## PROBLEM TO SOLVE
Which lines should be repeated? Exactly the one containing "Proof. by move=> x_le;" and every line after it through the end of the entries below.

Stored items:
(* Let $G=(V,E)$ be a graph with $m\ge1$ edges and no isolated vertices. Then the in-degree distribution of any biased orientation of $G$ is an optimal solution of the linear program $$\min\ \sum_{v\in V} -p_v\log\frac{\deg(v)}{m}\quad\text{subject to } p\in P(G),$$ and the optimum value of this linear program is at most $\mathrm{OPT}(G)$.
   Context: All graphs are finite, undirected and loopless, multiple edges allowed. For $S\subseteq V$, $e(S)$ is the fraction of edges of $G$ incident to at least one vertex of $S$, and $p(S):=\sum_{v\in S}p_v$. $P(G):=\{p\in\mathbb{R}^V : p(S)\le e(S)\ \forall S\subseteq V,\ p(V)=1\}$. For an orientation $\vec G$, the in-degree distribution is $p_v:=\rho_{\vec G}(v)/m$ with $\rho_{\vec G}(v)$ the in-degree of $v$. Entropy $H(p):=\sum_v -p_v\log p_v$ ($\log$ base $2$, $-0\log0:=0$); $\mathrm{OPT}(G)$ is the minimum entropy of the in-degree distribution of an orientation of $G$. An orientation is biased if each edge $vw$ with $\deg(v)>\deg(w)$ is oriented toward $v$. *)

From mathcomp Require Import all_boot.
From Stdlib Require Import Reals.

Set Implicit Arguments.
Unset Strict Implicit.
Unset Printing Implicit Defensive.

(* A finite loopless multigraph: vertex type V, edge type E (each element of E is
   one edge, so parallel edges are allowed), endpoints ends e = (u, w). *)

Definition loopless (V E : finType) (ends : E -> V * V) : Prop :=
  forall e : E, (ends e).1 <> (ends e).2.

Definition incident (V E : finType) (ends : E -> V * V) (v : V) (e : E) : bool :=
  (v == (ends e).1) || (v == (ends e).2).

(* degree of v (graph is loopless, so this is the usual degree) *)
Definition deg (V E : finType) (ends : E -> V * V) (v : V) : nat :=
  #|[set e : E | incident ends v e]|.

Definition nedges (E : finType) : nat := #|E|.

Local Open Scope R_scope.

Definition log2 (x : R) : R := ln x / ln 2.

Notation "\rsum_ ( i 'in' A ) F" := (\big[Rplus/0%R]_(i in A) F)
  (at level 41, F at level 41, i, A at level 50) : R_scope.
Notation "\rsum_ ( i : T ) F" := (\big[Rplus/0%R]_(i : T) F)
  (at level 41, F at level 41, i at level 50) : R_scope.

Definition frac_edges (V E : finType) (ends : E -> V * V) (S : {set V}) : R :=
  INR #|[set e : E | ((ends e).1 \in S) || ((ends e).2 \in S)]| / INR (nedges E).

Definition pS (V : finType) (p : V -> R) (S : {set V}) : R := \rsum_(v in S) p v.

Definition inP (V E : finType) (ends : E -> V * V) (p : V -> R) : Prop :=
  (forall S : {set V}, pS p S <= frac_edges ends S) /\ pS p [set: V] = 1.

(* An orientation: o e = true means e is oriented towards (ends e).1,
   o e = false means towards (ends e).2. *)
Definition head (V E : finType) (ends : E -> V * V) (o : E -> bool) (e : E) : V :=
  if o e then (ends e).1 else (ends e).2.

Definition indeg (V E : finType) (ends : E -> V * V) (o : E -> bool) (v : V) : nat :=
  #|[set e : E | head ends o e == v]|.

Definition indeg_dist (V E : finType) (ends : E -> V * V) (o : E -> bool) (v : V) : R :=
  INR (indeg ends o v) / INR (nedges E).

Definition biased (V E : finType) (ends : E -> V * V) (o : E -> bool) : Prop :=
  forall e : E,
    (ltn (deg ends (ends e).2) (deg ends (ends e).1) -> head ends o e = (ends e).1) /\
    (ltn (deg ends (ends e).1) (deg ends (ends e).2) -> head ends o e = (ends e).2).

Definition negxlogx (x : R) : R := if Req_EM_T x 0 then 0 else - (x * log2 x).

Definition entropy (V : finType) (p : V -> R) : R := \rsum_(v : V) negxlogx (p v).

Definition OPT (V E : finType) (ends : E -> V * V) : R :=
  \big[Rmin/entropy (indeg_dist ends (fun _ => true))]_(o : {ffun E -> bool})
     entropy (indeg_dist ends o).

Definition lp_obj (V E : finType) (ends : E -> V * V) (p : V -> R) : R :=
  \rsum_(v : V) (- (p v * log2 (INR (deg ends v) / INR (nedges E)))).

From HB Require Import structures.
From Pilot Require Import Defs.
From mathcomp Require Import all_boot.
From Stdlib Require Import Reals Lra Lia.

Set Implicit Arguments.
Unset Strict Implicit.

Local Open Scope R_scope.

(* Write m for the number of edges and L_t = {v | deg v >= t} for the
   degree level sets.  The proof rests on a layer-cake formula: for every
   distribution q of total mass 1 (and no isolated vertices)
     lp_obj q = - log2 (1/m) - sum_(k < m) gap_k * q(L_(k+2)),
   where gap_k = log2 ((k+2)/m) - log2 ((k+1)/m) >= 0.  Minimising the LP
   over P(G) thus amounts to maximising every q(L_t), which P(G) bounds by
   e(L_t).  For a biased orientation an edge with an endpoint in L_t points
   into L_t, so its in-degree distribution attains q(L_t) = e(L_t) for all t
   at once, hence is optimal.  Finally, since every in-degree is at most the
   degree, lp_obj of any in-degree distribution is at most its entropy; so the
   LP optimum is below the entropy of every orientation, hence below OPT(G). *)

HB.instance Definition _ :=
  Monoid.isComLaw.Build R 0 Rplus
    (fun a b c => esym (Rplus_assoc a b c)) Rplus_comm Rplus_0_l.

Lemma rsum_lin (I : finType) (P : pred I) (F G : I -> R) (a b : R) :
  \big[Rplus/0]_(i | P i) (a * F i + b * G i) =
  a * \big[Rplus/0]_(i | P i) F i + b * \big[Rplus/0]_(i | P i) G i.
Proof.
apply: (big_ind3 (fun x y z => x = a * y + b * z)) => //; first by ring.
by move=> x1 y1 z1 x2 y2 z2 -> ->; ring.
Qed.

Lemma rsum_le (I : finType) (P : pred I) (F G : I -> R) :
  (forall i, P i -> F i <= G i) ->
  \big[Rplus/0]_(i | P i) F i <= \big[Rplus/0]_(i | P i) G i.
Proof. by move=> FG; apply: (big_ind2 Rle) => //; [lra | move=> *; lra]. Qed.

Lemma INR_sum (I : finType) (P : pred I) (f : I -> nat) :
  INR (\sum_(i | P i) f i) = \big[Rplus/0]_(i | P i) INR (f i).
Proof. exact: (big_morph INR plus_INR). Qed.

Lemma log2_le (a b : R) : 0 < a -> a <= b -> log2 a <= log2 b.
Proof.
move=> a_gt0 ab; rewrite /log2 /Rdiv.
have ln2_gt0 : 0 < ln 2 by rewrite -ln_1; apply: ln_increasing; lra.
apply: Rmult_le_compat_r; first by apply/Rlt_le/Rinv_0_lt_compat.
by case: (Rle_lt_or_eq_dec _ _ ab) => [/(ln_increasing _ _ a_gt0)/Rlt_le | <-]; lra.
Qed.

Section Graph.

Variables (V E : finType) (ends : E -> V * V).

Local Notation m := (INR (nedges E)).

Lemma nedges_gt0 : (0 < nedges E)%nat -> 0 < m.
Proof. by move=> m_gt0; apply/lt_0_INR/ltP. Qed.

Lemma pS_indeg_dist (o : E -> bool) (S : {set V}) :
  pS (indeg_dist ends o) S = INR #|[set e | Defs.head ends o e \in S]| / m.
Proof.
have heads : \sum_(v in S) indeg ends o v = #|[set e | Defs.head ends o e \in S]|.
  rewrite -sum1_card (partition_big (Defs.head ends o) (mem S)) /=; last first.
    by move=> e; rewrite inE.
  apply: eq_bigr => v vS; rewrite /indeg -sum1_card; apply: eq_bigl => e.
  by rewrite !inE; case: eqP => [->|_]; rewrite ?vS ?andbF ?andbT.
rewrite /pS /indeg_dist -heads INR_sum /Rdiv.
have := @rsum_lin _ (fun v => v \in S) (fun v => INR (indeg ends o v))
  (fun v => INR (indeg ends o v)) (/ m) 0.
under eq_bigr do rewrite Rmult_0_l Rplus_0_r Rmult_comm.
by move=> ->; ring.
Qed.

Lemma indeg_dist_inP (o : E -> bool) :
  (0 < nedges E)%nat -> inP ends (indeg_dist ends o).
Proof.
move=> /nedges_gt0 m_gt0; split=> [S|]; rewrite pS_indeg_dist.
- rewrite /frac_edges /Rdiv; apply: Rmult_le_compat_r.
    by apply/Rlt_le/Rinv_0_lt_compat.
  apply/le_INR/leP/subset_leq_card/subsetP => e.
  by rewrite !inE /Defs.head; case: (o e) => ->; rewrite ?orbT.
- have -> : #|[set e | Defs.head ends o e \in [set: V]]| = nedges E.
    by apply: eq_card => e; rewrite !inE.
  by field; lra.
Qed.

Definition level (t : nat) : {set V} := [set v | (t <= deg ends v)%nat].

(* Under a biased orientation, an edge meeting L_t has its head in L_t,
   so the in-degree distribution saturates the constraint of P(G) at L_t. *)
Lemma biased_level_tight (o : E -> bool) (t : nat) :
  biased ends o ->
  pS (indeg_dist ends o) (level t) = frac_edges ends (level t).
Proof.
move=> bias; rewrite pS_indeg_dist /frac_edges.
suff -> : [set e | Defs.head ends o e \in level t] =
  [set e | ((ends e).1 \in level t) || ((ends e).2 \in level t)] by [].
apply/setP => e; rewrite /level !inE; have [to1 to2] := bias e.
case le1: (t <= deg ends (ends e).1)%nat; case le2: (t <= deg ends (ends e).2)%nat => /=.
- by rewrite /Defs.head; case: (o e); rewrite ?le1 ?le2.
- by rewrite to1 ?le1 //; apply: leq_trans le1; rewrite ltnNge le2.
- by rewrite to2 ?le2 //; apply: leq_trans le2; rewrite ltnNge le1.
- by rewrite /Defs.head; case: (o e); rewrite ?le1 ?le2.
Qed.

Definition log_gap (k : nat) : R :=
  log2 (INR k.+2 / m) - log2 (INR k.+1 / m).

Lemma log_gap_ge0 (k : nat) : (0 < nedges E)%nat -> 0 <= log_gap k.
Proof.
move=> /nedges_gt0 m_gt0; rewrite /log_gap.
suff : log2 (INR k.+1 / m) <= log2 (INR k.+2 / m) by lra.
apply: log2_le; first by apply: Rdiv_lt_0_compat => //; apply: lt_0_INR; lia.
apply: Rmult_le_compat_r; first by apply/Rlt_le/Rinv_0_lt_compat.
by apply: le_INR; lia.
Qed.

(* The LP objective with degrees truncated at n+1; the layer-cake formula
   is proved by peeling off one level set at a time. *)
Definition trunc_obj (n : nat) (q : V -> R) : R :=
  \rsum_(v : V) - (q v * log2 (INR (minn (deg ends v) n.+1) / m)).

Lemma trunc_obj0 (q : V -> R) :
  (forall v, (0 < deg ends v)%nat) -> pS q [set: V] = 1 ->
  trunc_obj 0 q = - log2 (1 / m).
Proof.
move=> deg_gt0 q1; rewrite /trunc_obj.
have := @rsum_lin _ predT q q (- log2 (1 / m)) 0.
have -> : \rsum_(v : V) q v = 1 by rewrite -q1; apply: eq_bigl => v; rewrite inE.
have -> : - log2 (1 / m) * 1 + 0 * 1 = - log2 (1 / m) by ring.
move <-; apply: eq_bigr => v _; rewrite (minn_idPr (deg_gt0 v)) /=; ring.
Qed.

(* Raising the truncation from n+1 to n+2 changes only the vertices of
   L_(n+2), each by the gap log_gap n. *)
Lemma trunc_objS (n : nat) (q : V -> R) :
  trunc_obj n.+1 q = trunc_obj n q - log_gap n * pS q (level n.+2).
Proof.
rewrite /trunc_obj /pS [\rsum_(v in _) _]big_mkcond.
have -> : forall a b, a - log_gap n * b = 1 * a + - log_gap n * b by move=> *; ring.
rewrite -rsum_lin; apply: eq_bigr => v _; rewrite /level inE.
case: (ltnP n.+1 (deg ends v)) => [deg_big | deg_small].
- by rewrite (minn_idPr deg_big) /log_gap; ring.
- by rewrite (minn_idPl (leq_trans deg_small (leqnSn _))); ring.
Qed.

(* Degrees never exceed m, so truncation at m+1 is the LP objective itself. *)
Lemma trunc_obj_full (q : V -> R) : trunc_obj (nedges E) q = lp_obj ends q.
Proof.
apply: eq_bigr => v _; congr (- (_ * log2 (INR _ / _))).
by apply/minn_idPl/(leq_trans (max_card _))/leqnSn.
Qed.

Lemma layer_cake (q : V -> R) :
  (forall v, (0 < deg ends v)%nat) -> pS q [set: V] = 1 ->
  lp_obj ends q =
  - log2 (1 / m) - \rsum_(k : 'I_(nedges E)) log_gap k * pS q (level k.+2).
Proof.
move=> deg_gt0 q1; rewrite -trunc_obj_full.
have layers n : trunc_obj n q =
    - log2 (1 / m) - \rsum_(k : 'I_n) log_gap k * pS q (level k.+2).
  elim: n => [|n IH]; first by rewrite trunc_obj0 // big_ord0; ring.
  by rewrite trunc_objS big_ord_recr IH /=; ring.
exact: layers.
Qed.

Lemma biased_lp_optimal (o : E -> bool) (q : V -> R) :
  (0 < nedges E)%nat -> (forall v, (0 < deg ends v)%nat) ->
  biased ends o -> inP ends q ->
  lp_obj ends (indeg_dist ends o) <= lp_obj ends q.
Proof.
move=> m_gt0 deg_gt0 bias [qP q1].
have [_ p1] := indeg_dist_inP o m_gt0.
rewrite !layer_cake //; apply: Rplus_le_compat_l; apply: Ropp_le_contravar.
apply: rsum_le => k _; apply: Rmult_le_compat_l; first exact: log_gap_ge0.
by rewrite biased_level_tight.
Qed.

Lemma lp_obj_le_entropy (q : V -> R) :
  (forall v, 0 <= q v <= INR (deg ends v) / m) -> lp_obj ends q <= entropy q.
Proof.
move=> q_bnd; apply: rsum_le => v _; rewrite /negxlogx.
case: (Req_EM_T (q v) 0) => [q0 | q_ne0] /=; first by rewrite q0; lra.
have [q_ge0 q_le] := q_bnd v.
have q_gt0 : 0 < q v by case: q_ge0 => // /esym.
have := Rmult_le_compat_l _ _ _ q_ge0 (log2_le q_gt0 q_le); lra.
Qed.

Lemma indeg_dist_bounds (o : E -> bool) (v : V) :
  (0 < nedges E)%nat ->
  0 <= indeg_dist ends o v <= INR (deg ends v) / m.
Proof.
move=> /nedges_gt0 m_gt0; have minv_ge0 : 0 <= / m by apply/Rlt_le/Rinv_0_lt_compat.
split; first by apply: Rmult_le_pos => //; apply: pos_INR.
apply: Rmult_le_compat_r => //; apply/le_INR/leP/subset_leq_card/subsetP => e.
by rewrite !inE /Defs.head /incident; case: (o e) => /eqP ->; rewrite eqxx ?orbT.
Qed.

End Graph.

Lemma OPT_lower_bound (V E : finType) (ends : E -> V * V) (x : R) :
  (forall o : E -> bool, x <= entropy (indeg_dist ends o)) -> x <= OPT ends.
Proof. by move=> x_le; apply: (big_ind (Rle x)) => // a b; apply: Rmin_glb. Qed.

Theorem mainTheorem7 (V E : finType) (ends : E -> V * V)
  (Hloop : loopless ends)
  (Hm : leq 1%nat (nedges E))
  (Hnoiso : forall v : V, ltn 0%nat (deg ends v))
  (o : E -> bool) (Hb : biased ends o) :
  inP ends (indeg_dist ends o) /\
  (forall q : V -> R, inP ends q -> lp_obj ends (indeg_dist ends o) <= lp_obj ends q) /\
  lp_obj ends (indeg_dist ends o) <= OPT ends.
Proof.
split; first exact: indeg_dist_inP.
split=> [q qP | ]; first exact: biased_lp_optimal.
apply: OPT_lower_bound => o'.
apply: Rle_trans (lp_obj_le_entropy (fun v => @indeg_dist_bounds _ _ ends o' v Hm)).
exact: biased_lp_optimal Hm Hnoiso Hb (indeg_dist_inP ends o' Hm).
Qed.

## SOLUTION BELOW
Proof. by move=> x_le; apply: (big_ind (Rle x)) => // a b; apply: Rmin_glb. Qed.

Theorem mainTheorem7 (V E : finType) (ends : E -> V * V)
  (Hloop : loopless ends)
  (Hm : leq 1%nat (nedges E))
  (Hnoiso : forall v : V, ltn 0%nat (deg ends v))
  (o : E -> bool) (Hb : biased ends o) :
  inP ends (indeg_dist ends o) /\
  (forall q : V -> R, inP ends q -> lp_obj ends (indeg_dist ends o) <= lp_obj ends q) /\
  lp_obj ends (indeg_dist ends o) <= OPT ends.
Proof.
split; first exact: indeg_dist_inP.
split=> [q qP | ]; first exact: biased_lp_optimal.
apply: OPT_lower_bound => o'.
apply: Rle_trans (lp_obj_le_entropy (fun v => @indeg_dist_bounds _ _ ends o' v Hm)).
exact: biased_lp_optimal Hm Hnoiso Hb (indeg_dist_inP ends o' Hm).
Qed.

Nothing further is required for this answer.